Grilled carrots with sumac, chilli, lemon and bashed herby haricot beans
This autumn I thought i'd share a recipe from nay new cookbook ‘Outside’ Because cooking outside isn’t just something to do in the summer, there no reason you can’t cook make the most of it in the autumn, and even the winter. So with carrots on my mind, here’s a great way to prepare and serve them.
I’ve always liked roasting carrots in a hot oven, caramelizing their sugary outsides and softening their middles. The high, dry heat intensifies their flavour and enhances their subtleties. It used to be my favourite way to cook them, until I cooked them like this, over a searing, smoky fire. I’ve actually discovered, through trial and error, that the carrots benefit from being boiled for a few minutes before you sit them down on the bars of the grill. It’s not absolutely essential, but it’s definitely worth the effort. The beans transform these sumac- and chilli-spiced roots into an entire meal, although the carrots alone would make an amazingly delicious accompaniment to anything and everything.
Ingredients
2 tablespoons extra-virgin olive oil, plus extra to serve
1 onion, roughly chopped
2 garlic cloves, sliced
1x 400g (14oz) can of haricot beans, drained and rinsed
A small handful of at-leaf parsley, leaves picked and chopped
Finely grated zest and juice of 1 lemon
A bunch of long, thin carrots, trimmed
A good pinch of chilli flakes
2 teaspoons sumac
2 teaspoons coriander seeds,
Coarsely crushed
Flaky sea salt and freshly ground black peppe
Get a hot fire going. Set a heavy-based saucepan over the heat and add 1 tablespoon of the extra-virgin olive oil. When it’s hot, add the onion and the garlic and a little salt and pepper. Sizzle for 4–6 minutes, stirring regularly, then add the drained beans and enough water to just cover them. Simmer the beans for 8–10 minutes, and as they’re cooking crush them with a fork or a wooden spoon.

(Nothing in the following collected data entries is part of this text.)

Lemma psubst_var_factor n (p : pexpr R n) k c : exists D, forall e,
  peval e p - peval e (psubst p (updv k c)) = (e k - peval e c) * peval e D.
Proof.
elim: p => [i|a|p [D1 H1] q [D2 H2]|p [D1 H1] q [D2 H2]].
- rewrite /updv /=; case: eqP => [->|_].
  + by exists (PC 1) => e /=; rewrite mulr1.
  + by exists (PC 0) => e /=; rewrite subrr mulr0.
- by exists (PC 0) => e /=; rewrite subrr mulr0.
- by exists (PAdd D1 D2) => e /=; rewrite mulrDr -H1 -H2; ring.
- exists (PAdd (PMul D1 q) (PMul (psubst p (updv k c)) D2)) => e /=.
  by rewrite mulrDr mulrA -H1 mulrCA -H2; ring.
Qed.
End PolyExprs.

Definition upd {T : Type} {n} (e : 'I_n -> T) k v : 'I_n -> T :=
  fun i => if i == k then v else e i.

Lemma upd_id (T : Type) n (e : 'I_n -> T) k : upd e k (e k) =1 e.
Proof. by move=> i; rewrite /upd; case: eqP => // ->. Qed.

Lemma upd_same (T : Type) n (e : 'I_n -> T) k v : upd e k v k = v.
Proof. by rewrite /upd eqxx. Qed.

Lemma ord_inord (T : Type) n (e : 'I_n.+1 -> T) (k : 'I_n.+1) : e k = e (inord k).
Proof. by congr e; apply/val_inj; rewrite /= inordK. Qed.

Lemma inord_eqE n i j : (i < n.+1)%N -> (j < n.+1)%N ->
  (inord i == inord j :> 'I_n.+1) = (i == j).
Proof. by move=> ? ?; rewrite -val_eqE /= !inordK. Qed.

Lemma peval_updv (R : comNzRingType) n (p : pexpr R n) k c e :
  peval e (psubst p (updv k c)) = peval (upd e k (peval e c)) p.
Proof. by rewrite peval_subst; apply: peval_ext => i; rewrite /updv /upd; case: eqP. Qed.

Lemma upd_upd (T : Type) n (e : 'I_n -> T) k v w : upd (upd e k v) k w =1 upd e k w.
Proof. by move=> i; rewrite /upd; case: eqP. Qed.

Lemma even_odd_split (R : comNzRingType) n (p : pexpr R n) k : exists E O, forall e,
  peval e p = peval (upd e k (e k ^+ 2)) E + e k * peval (upd e k (e k ^+ 2)) O.
Proof.
elim: p => [i|a|p [E1 [O1 H1]] q [E2 [O2 H2]]|p [E1 [O1 H1]] q [E2 [O2 H2]]].
- case: (eqVneq i k) => [->|ne].
  + by exists (PC 0), (PC 1) => e /=; rewrite add0r mulr1.
  + by exists (PVar i), (PC 0) => e /=; rewrite mulr0 addr0 /upd (negbTE ne).
- by exists (PC a), (PC 0) => e /=; rewrite mulr0 addr0.
- by exists (PAdd E1 E2), (PAdd O1 O2) => e /=; rewrite H1 H2; ring.
- exists (PAdd (PMul E1 E2) (PMul (PVar k) (PMul O1 O2))),
         (PAdd (PMul E1 O2) (PMul O1 E2)) => e /=.
  by rewrite H1 H2 upd_same; ring.
Qed.

Lemma clear_denominators (R : comNzRingType) m n (v : ('I_n -> R) -> 'I_m -> R)
    (w : pexpr R n) (e : nat) (Gk : 'I_m -> pexpr R n) :
  (forall j k, peval j w != 0 -> v j k * peval j w ^+ e = peval j (Gk k)) ->
  forall f : pexpr R m, exists d (G : pexpr R n), forall j,
    peval j w != 0 -> peval (v j) f * peval j w ^+ d = peval j G.
Proof.
move=> vG; elim=> [k|c|p [d1 [G1 H1]] q [d2 [G2 H2]]|p [d1 [G1 H1]] q [d2 [G2 H2]]].
- by exists e, (Gk k) => j; exact: vG.
- by exists 0%N, (PC c) => j _ /=; rewrite expr0 mulr1.
- exists (d1 + d2)%N, (PAdd (PMul G1 (pexp w d2)) (PMul G2 (pexp w d1))) => j w0 /=.
  by rewrite !peval_pexp -H1 // -H2 // exprD; ring.
- exists (d1 + d2)%N, (PMul G1 G2) => j w0 /=.
  by rewrite -H1 // -H2 // exprD; ring.
Qed.

Section Density.
Variable F : fieldType.
Hypothesis charF : [pchar F] =i pred0.

Lemma natf_neq0_char0 n : (n.+1%:R : F) != 0.
Proof. by rewrite ((pcharf0P _).1 charF). Qed.

Lemma natf_inj : injective (fun n : nat => n%:R : F).
Proof.
move=> i j /= eqij; wlog le_ij : i j eqij / (i <= j)%N.
  by move=> W; case: (leqP i j) => h; [|symmetry]; apply: W => //; exact: ltnW.
have : ((j - i)%:R : F) == 0 by rewrite natrB // eqij subrr.
by rewrite ((pcharf0P _).1 charF) subn_eq0 => le_ji; apply/eqP; rewrite eqn_leq le_ij.
Qed.

Section Line.
Variables (n : nat) (k : 'I_n) (e : 'I_n -> F).

Fixpoint restrict_line (p : pexpr F n) : {poly F} :=
  match p with
  | PVar i => if i == k then 'X else (e i)%:P
  | PC c => c%:P
  | PAdd p q => restrict_line p + restrict_line q
  | PMul p q => restrict_line p * restrict_line q
  end.

Lemma restrict_lineE p t : (restrict_line p).[t] = peval (upd e k t) p.
Proof.
elim: p => [i|c|p IHp q IHq|p IHp q IHq] /=; rewrite ?hornerE ?IHp ?IHq //.
by rewrite /upd; case: eqP; rewrite ?hornerE.
Qed.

Sprinkle in the parsley and season with plenty of salt and pepper and the lemon juice to taste (reserve the remaining juice). Keep the bashed beans warm.
Meanwhile, bring a pan of salted water to a boil and add the carrots. Cook them for 6–8 minutes or until they’re just tender. Drain the carrots, return them to the pan and toss them in the remaining extra-virgin olive oil, as well as the lemon zest, chilli flakes and sumac. Turn the carrots through the spices and zest, then lay them down on the grill over a hot part of the fire. Cook the carrots, turning regularly, until they begin to blister and char in places.
Divide the warm, bashed beans between two plates or bowls. Arrange the grilled carrots alongside. Sprinkle over the remaining lemon juice and trickle generously with extra-virgin olive oil. Season with flaky salt and pepper, then serve.